Licoricidin (LCD) (0-20 μM; 24 hours) dose-dependently inhibits the viability of colon cancer cell lines with various pathological and genetic characters, namely SW480, HCT116, SW620 and LoVo cells, with IC ₅₀ values of 7.2, 5.4, 4.5 and 5.1 μM, respectively. Licoricidin (LCD) (0-20 μM; 0-12 hours) induces cell apoptosis was accompanied with the activation of caspase-3 by cleavage in a time- and dose-dependent manner. Licoricidin (LCD) (0-20 μM; 0-12 hours) induces autophagy of SW480 cells, increases the cleavage of LC3-I to LC3-II and the degradation of p62 in a time and dose dependent manner. Licoricidin (LCD) (0-5 μg/ml; 18 hours) inhibits cell migration, MMP-9 secretion, and VCAM expression in 4T1 cells.

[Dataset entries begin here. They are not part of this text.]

Lemma Ev_hom_sep phi T m h : is_Fl_hom pts L phi -> h \is T.-homog ->
    (T <= r)%N -> (m < r - T)%N ->
  \sum_a Ev T h 0 a *: Ev m (phi (s a)) = 0.
Proof.
move=> phi_hom hh hTr hm.
have hLh : L ^+ (r - T) * h \is r.-homog.
  by have := dhomogM (expL_homog (r - T)) hh; rewrite subnK.
have := Ev_hom_eqI phi_hom m (sep_interp (leqnn r) hLh).
rewrite (Ev_homMl phi_hom _ _ (inFl_expL _)) Ev_expLMl leqNgt hm /= (Ev_hom_lincomb phi_hom).
rewrite Ev_expLMl leq_subr subKn // => E; rewrite [RHS]E; apply: eq_bigr => a _.
by rewrite subnn expr0 mul1r.
Qed.

Lemma pairing_hom_sep c a b j : pairing_hom c a b (s j) = c 0 j *: L ^+ (r + a - b).
Proof.
rewrite (@pairing_homE c a b r.+1) => [|m hm]; last first.
  by rewrite (Ev_homog m (sep_homog j)) gtn_eqF.
rewrite big_nat_recr //= big_nat_cond big1 ?add0r => [|m /andP[/andP[_ hm] _]].
  by rewrite Ev_sep dot_delta.
by rewrite (Ev_homog m (sep_homog j)) ltn_eqF // linear0 scale0r.
Qed.

End Separators.

(** * The duality criterion *)

Section Duality.
Variables (r i : nat).

Definition dual_orth d (c : 'rV[F]_n) : Prop := forall T h,
  (T + d).+1 = (2 * r + i)%N -> h \is T.-homog -> dot c (Ev T h) = 0.

Lemma dblK_dual_orth d f : (0 < n)%N -> dblK pts L r i f -> dual_orth d (Ev d f).
Proof.
move=> n_gt0 [g [[phi [s [phi_hom s_sep hg]]] hfg]] T h hT hh.
have /eqI_Ev -> := hfg; rewrite Ev_expLMl; case: leqP => hid; last exact: dot0l.
have /eqI_Ev -> := hg; rewrite (Ev_sum_mul_sep s_sep); case: leqP => hre; last exact: dot0l.
have hTr : (T <= r)%N by lia.
have hm : (d - i - r < r - T)%N by lia.
have /rowP/(_ (Ordinal n_gt0)) := Ev_hom_sep s_sep phi_hom hh hTr hm.
rewrite summxE mxE => E; rewrite [RHS](esym E) /dot; apply: eq_bigr => j _.
have [_ _ _ phi_inFl] := phi_hom.
by rewrite mxE mulrC [RHS]mxE (inFl_Ev_const _ j (Ordinal n_gt0) (phi_inFl (s j))).
Qed.

Lemma dual_orth_dblK s d f : is_separators pts L r s -> f \is d.-homog ->
  (r + i <= d)%N -> dual_orth d (Ev d f) -> dblK pts L r i f.
Proof.
move=> s_sep hf hd orth; set c := Ev d f.
have c_perp m x : (m + (d - i) < 2 * r)%N -> dot c (Ev m x) = 0.
  move=> hm; set T := (2 * r + i - d.+1)%N.
  have -> : Ev m x = Ev T (pihomog mdeg T (L ^+ (T - m) * x)).
    by rewrite Ev_pihomog Ev_expLMl leq_subr subKn //; lia.
  by apply: orth (pihomogP _ _ _); lia.
exists (\sum_a pairing_hom c (d - i) (2 * r) (s a) * s a); split.
  exists (pairing_hom c (d - i) (2 * r)), s; split => //; last exact: eqI_refl.
  exact: pairing_hom_Fl_hom.
apply/eqI_Ev => m; have /eqI_Ev -> := sep_interp s_sep (leq_trans (leq_addr i r) hd) hf.
congr Ev; rewrite /sep_comb mulr_sumr; apply: eq_bigr => a _.
rewrite (pairing_hom_sep s_sep) -scalerAl -scalerAr mulrA -exprD.
by congr (_ *: (L ^+ _ * _)); lia.
Qed.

Licoricidin (LCD) (intraperitoneal injection; 5, 10, or 20 mg/kg; once daily; 15 days) significantly inhibited the growth of SW480 xenografts in nude mice with an inhibitory rate of 43.5%. Licoricidin (LCD) (intraperitoneal injection; 5, 10, or 20 mg/kg; once daily; 32 days) reduces pulmonary metastasis and the expression of CD45, CD31, HIF-1α, iNOS, COX-2, and VEGF-A in tumor tissues, additionally, decreases protein expression of VEGF-R2, VEGF-C, VEGF-R3, and LYVE-1 in tumor tissues of licoricidin-treated mice.